Все хором захохотали. Смеялся и Цанка.
* * *Стремительно наступила весна. С марта по июль месяцы были самыми напряженными в работе водхоза. Практически круглые сутки Цанка пропадал на работе. К тому же в это самое время заболел пневмонией и слег в больницу Саренбаев. Нагрузка на Арачаева возросла вдвойне. Весь день он ездил по каналам и шлюзам, а ночами занимался документацией.
Переписка с любимой стала вялой — не хватало времени и сил. В одном письме Мадлена просила слезно Цанка приехать в Алма-Ату, говорила, что тоскует и не верит в искренность его слов. Вслед за этим неожиданно получил письмо от Бакарова, военный друг сообщал, что Басов значительно помог ему и многим чеченцам в новом трудоустройстве и с жильем. В конце письма Далхад писал: "Я слышал, что у тебя серьезные намерения к Исходжаевой. Смотри, не связывайся, у них дурная репутация, нехорошее поведение, да и имена у них — и не русские, и не чеченские, и не казахские, а хрен знает какие. Подстать именам и манеры… Короче — сторонись их". От этих строк сердце Арачаева тревожно ёкнуло, но в следующее мгновение он подумал: "А, проделки Аллы Николаевны", и с облегчением вздохнул. Однако какой-то червь в памяти остался.
После этого он начал писать Мадлене почему-то еще реже, и послания его совсем укоротились и стали носить форму ритуальной отписки. Молодая певица оскорбилась, последовала гневная реакция. Цанка спокойно выдержал этот напор и даже не ответил. Тогда случилось совсем неожиданное — он получил телеграмму следующего содержания: "11 мая выезжаем 191 поездом Кзыл-Орду родственникам. Проездом будем Чиили. Вагон 9. Встречай. Мадлена".
Ранним утром Цанка стоял на перроне. Поезд опаздывал. Он нервничал, его к девяти утра вызвали в исполком с докладом. Наконец поезд прибыл, женщины вышли, они поразили весь вокзал своим столичным нарядом, багажом.
— А зачем чемоданы выносите? — удивился Арачаев. — Ведь скоро поезд тронется.
— А мы решили у тебя денек-другой погостить. Ведь ты нас приглашал, — ехидно улыбалась тонкими губами Милана.
— Но ведь вы в Кзыл-Орду едете?
— Ну если ты против гостей, то мы поедем дальше, — насупилась мать Мадлены.

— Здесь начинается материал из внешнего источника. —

(* (2(n-t)-3)!! >= (2(n-q)-1)!! * b ^ (q-t-1) with b = 2(n-q)+1, and r ^ q n ^ t <= b ^ (q-t-1)
   follows from 4 r <= 3 b and 3 ^ q b ^ (t+1) n ^ t <= 4 ^ q. *)
Lemma remainder_le_odd_dfact n t q r :
  t < q -> q <= n -> 4 * r <= 3 * (2 * (n - q) + 1) ->
  3 ^ q * ((2 * (n - q) + 1) ^ t.+1 * n ^ t) <= 4 ^ q ->
  r ^ q * odd_dfact (n - q) * n ^ t <= odd_dfact (n - t.+1).
Proof.
move=> tq qn r_le three_four; set b := 2 * (n - q) + 1.
have -> : n - t.+1 = (n - q) + (q - t.+1) by lia.
apply: leq_trans (odd_dfact_mulX (n - q) (q - t.+1)).
rewrite mulnAC [X in _ <= X]mulnC leq_mul2r; apply/orP; right.
have pos : 0 < 4 ^ q * b ^ t.+1 by rewrite muln_gt0 !expn_gt0 /b addn1.
rewrite -(leq_pmul2r pos).
have -> : b ^ (q - t.+1) * (4 ^ q * b ^ t.+1) = b ^ q * 4 ^ q.
  by rewrite mulnCA -expnD subnK // mulnC.
have -> : r ^ q * n ^ t * (4 ^ q * b ^ t.+1) = (4 * r) ^ q * (b ^ t.+1 * n ^ t).
  by rewrite expnMn; ring.
apply: leq_trans (leq_mul (leq_expn2r q r_le) (leqnn _)) _.
have -> : (3 * b) ^ q * (b ^ t.+1 * n ^ t) = b ^ q * (3 ^ q * (b ^ t.+1 * n ^ t)).
  by rewrite expnMn; ring.
by rewrite leq_mul2l three_four orbT.
Qed.

Lemma remainder_le_log n t M :
  let q := 5 * ((2 * t + 1) * M) in
  2 * n + 1 <= 2 ^ M -> t < q -> 5 * q + 1 <= n ->
  (n + q + 1) ^ q * odd_dfact (n - q) * n ^ t <= odd_dfact (n - t.+1).
Proof.
move=> q nM tq qn; apply: remainder_le_odd_dfact => //; try lia.
set b := 2 * (n - q) + 1; pose c := (2 * t + 1) * M.
apply: (@leq_trans (3 ^ q * 2 ^ c)).
  rewrite leq_mul2l; apply/orP; right.
  have -> : 2 ^ c = (2 ^ M) ^ t.+1 * (2 ^ M) ^ t by rewrite -!expnM -expnD /c; congr (2 ^ _); ring.
  by apply: leq_mul; apply: leq_expn2r; rewrite /b; lia.
have -> : q = 5 * c by [].
by rewrite (expnM 3 5 c) (expnM 4 5 c) -expnMn leq_expn2r.
Qed.

Lemma odd_factor_conditions n t X Y :
  16 * t + 8 <= n -> 4 * ((1 + Y) * (1 + X)) <= n ->
  let a := 2 * (n - t.+1) + 1 in
  [/\ (1 + Y) * (1 + X) <= a, (a + 1) * (n + 1 + Y) <= a * a & n * (a + 1 + Y) <= a * a].
Proof.
move=> nt nXY a.
have Yn : 4 * (1 + Y) <= n.
  by apply: leq_trans nXY; rewrite leq_mul2l /= leq_pmulr; lia.
have a_ge : 15 * n <= 8 * a by rewrite /a; lia.
have a_le : a <= 2 * n by rewrite /a; lia.
split; [rewrite /a; lia | | nia].
have Y_le : n + 1 + Y <= 5 * n %/ 4 + 1 by lia.
nia.
Qed.

Lemma leq_mul_scaled N1 a x y c1 c2 :
  x <= c1 * N1 -> y <= c2 * N1 -> c1 * c2 <= a * a -> x * y <= a * N1 * (a * N1).
Proof.
move=> xc1 yc2 c12; apply: leq_trans (leq_mul xc1 yc2) _.
by rewrite mulnACA [X in _ <= X]mulnACA leq_mul2r c12 orbT.
Qed.

Lemma small_products_le n t N1 Rb X Y a :
  Rb * n ^ t <= N1 -> 0 < n -> 0 < Y ->
  (1 + Y) * (1 + X) <= a -> (a + 1) * (n + 1 + Y) <= a * a -> n * (a + 1 + Y) <= a * a ->
  let N := a * N1 in
  [/\ Rb * (n ^ t * N) <= N * N,
      (Rb + N1) * (Rb + X * N) <= N * N,
      (Rb + Y * N1) * (Rb + X * N) <= N * N,
      (N + Rb) * (n * N1 + (Rb + Y * N1)) <= N * N &
      n * N1 * (N + (Rb + Y * N1)) <= N * N].
Proof.
move=> key n0 Y0 C1 C2 C3 N.
have Rb_le : Rb <= N1 by apply: leq_trans key; rewrite leq_pmulr // expn_gt0 n0.
have N1N : N1 <= N by rewrite leq_pmull //; apply: leq_trans C1; rewrite muln_gt0.
have I3 : (Rb + Y * N1) * (Rb + X * N) <= N * N.
  apply: (@leq_mul_scaled _ _ _ _ (1 + Y) ((1 + X) * a)).
  - by rewrite mulnDl mul1n leq_add2r.
  - by rewrite -mulnA mulnDl mul1n leq_add // (leq_trans Rb_le N1N).
  - by rewrite mulnA leq_mul2r C1 orbT.
split => //.
- by rewrite mulnA leq_mul2r (leq_trans key N1N) orbT.
- by apply: leq_trans I3; rewrite leq_mul2r leq_add2l leq_pmull ?orbT.
- apply: (@leq_mul_scaled _ _ _ _ (a + 1) (n + 1 + Y)) C2.
    by rewrite mulnDl mul1n leq_add2l.
  by rewrite !mulnDl mul1n -addnA leq_add2l leq_add2r.
- apply: (@leq_mul_scaled _ _ _ _ n (a + 1 + Y)) C3 => //.
  by rewrite !mulnDl mul1n -addnA leq_add2l leq_add2r.
Qed.

Lemma small_remainder_of n t q Rb :
  0 < q -> 16 * t + 8 <= n -> 4 * ((1 + (q + q ^ t * q) ^ t.+1) * (1 + q ^ t)) <= n ->
  Rb * n ^ t <= odd_dfact (n - t.+1) -> small_remainder n t q Rb.
Proof.
move=> q0 nt nXY key; have [C1 C2 C3] := odd_factor_conditions nt nXY.
rewrite /small_remainder; have -> : odd_dfact (n - t) = (2 * (n - t.+1) + 1) * odd_dfact (n - t.+1).
  by rewrite mulnC -odd_dfactS; congr odd_dfact; lia.
by apply: small_products_le key _ _ C1 C2 C3; rewrite ?expn_gt0; lia.
Qed.

Lemma thresholds_le_monomial q t : 0 < q ->
  4 * ((1 + (q + q ^ t * q) ^ t.+1) * (1 + q ^ t)) + (5 * q + 1) + (16 * t + 8)
  <= (2 ^ (t + 5) + 16 * t + 14) * q ^ (t + t.+1 * t.+1).
Proof.
move=> q0; set K := t + t.+1 * t.+1.
have qX_gt0 e : 0 < q ^ e by rewrite expn_gt0 q0.
have X_le : 1 + q ^ t <= 2 * q ^ t by have := qX_gt0 t; lia.
have base_le : q + q ^ t * q <= 2 * q ^ t.+1.
  by rewrite -expnSr; have := leq_pexp2l q0 (ltn0Sn t); rewrite expn1; lia.
have Y_le : 1 + (q + q ^ t * q) ^ t.+1 <= 2 ^ t.+2 * q ^ (t.+1 * t.+1).
  have := leq_expn2r t.+1 base_le; rewrite expnMn -expnM [2 ^ t.+2]expnS.
  by have := qX_gt0 (t.+1 * t.+1); have := expn_gt0 2 t.+1; nia.
have XY_le : 4 * ((1 + (q + q ^ t * q) ^ t.+1) * (1 + q ^ t)) <= 2 ^ (t + 5) * q ^ K.
  apply: leq_trans (leq_mul (leqnn 4) (leq_mul Y_le X_le)) _.
  by rewrite /K expnD addnC expnD !expnS; apply: eq_leq; ring.
have qK : q <= q ^ K by rewrite -{1}(expn1 q) leq_pexp2l // /K; lia.
have q_le : 5 * q + 1 <= 6 * q ^ K by have := qX_gt0 K; lia.
have t_le : 16 * t + 8 <= (16 * t + 8) * q ^ K by rewrite leq_pmulr.
by apply: leq_trans (leq_add (leq_add XY_le q_le) t_le) _; apply: eq_leq; ring.
Qed.

(* q is a large multiple of log n: large enough for the remainder to be small, yet polynomials
   in q stay below n. *)
Lemma exists_parameters t : exists n0, forall n, n0 <= n ->
  exists r q, [/\ 0 < r, n + q < r & small_remainder n t q (r ^ q * odd_dfact (n - q))].
Proof.
pose K := t + t.+1 * t.+1; pose c0 := 5 * (2 * t + 1).
pose C := 4 * ((2 ^ (t + 5) + 16 * t + 14) * c0 ^ K).
have [M0 HM0] := poly_le_exp2 C K; exists (2 ^ M0) => n n0n.
have n0 : 0 < n by apply: leq_trans n0n; rewrite expn_gt0.
pose L := trunc_log 2 n; pose M := L.+2; pose q := c0 * M.
have [M0L Ln nL] : [/\ M0 <= L, 2 ^ L <= n & n < 2 ^ L.+1].
  by split; [apply: trunc_log_max | apply: trunc_logP | apply: trunc_log_ltn].
have q0 : 0 < q by rewrite /q /c0 /M; lia.
have PB := thresholds_le_monomial t q0; set P := 4 * _ + _ + _ in PB.
have Pn : P <= n.
  have E2M : 2 ^ M = 4 * 2 ^ L by rewrite /M !expnS mulnA.
  have : 4 * P <= 4 * 2 ^ L.
    rewrite -E2M; apply: leq_trans (HM0 M _); last by rewrite /M; lia.
    rewrite /C -mulnA leq_mul2l /=; apply: leq_trans PB _.
    by rewrite /q expnMn mulnA.
  by rewrite leq_mul2l /= => P_le; apply: leq_trans P_le Ln.
exists (n + q + 1), q; split; [lia | lia | apply: small_remainder_of => //; try lia].
have q5 : q = 5 * ((2 * t + 1) * M) by rewrite /q /c0 mulnA.
have [nM tq qn] : [/\ 2 * n + 1 <= 2 ^ M, t < q & 5 * q + 1 <= n].
  by split; [move: nL; rewrite /M !expnS | rewrite q5 | move: Pn; rewrite /P]; lia.
by move: tq qn; rewrite q5; apply: remainder_le_log.
Qed.

Theorem mainTheorem7 :
  forall t : nat, exists n0 : nat, forall n : nat, n0 <= n ->
  forall F G : {set {set {set 'I_(2 * n)}}},
    F \subset matchings n -> G \subset matchings n ->
    cross_intersecting n t F G ->
    #|F| * #|G| <= (odd_dfact (n - t)) ^ 2.
Proof.
move=> t; have [n0 params] := exists_parameters t.
exists n0 => n n0n F G FM GM FG; have [r [q [r0 rbig small]]] := params n n0n.
exact: cross_product_bound r0 rbig (leqnn _) small FM GM FG.
Qed.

— Нет, нет, я очень рад, — с натугой улыбался Цанка. — А где дочь?
— Ее отняли родственники отца, — вела диалог мамаша. — Мадлену жалко, извелась вся… Посмотри на нее — как она похудела, совсем осунулась… Да и ты хорош — пишешь всякую дребедень… Ну ладно, куда идти? Мы так устали, такой грязный поезд, а останавливается у каждого столба.
Дома у Цанка был холостяцкий бардак, все было неухожено, грязно. Он никак не ожидал, что гости к нему приедут, думал, что увидятся на вокзале и поедут дальше.
— Проходите, проходите, — говорил он женщинам, войдя вперед них в квартиру с парой больших чемоданов в руках. — Так, располагайтесь… Это кухня, вот санузел… Я не убрался, все некогда, работы много… Я на столе оставлю деньги, купите, пожалуйста, на базаре и в магазине продукты, а я должен ехать в исполком… Я опаздываю.
Его в коридоре провожала Мадлена, она преданно смотрела в его глаза.
— Ты не задержишься? — печально спросила она и чуть дотронулась до его рукава, слегка погладила, в ее глазах были преданность и любовь.
— Не знаю… Но до вечера вряд ли освобожусь… Ты извини, — на ходу отвечал ей Цанка, и знакомые амурные чувства вновь вернулись в его озабоченную службой голову.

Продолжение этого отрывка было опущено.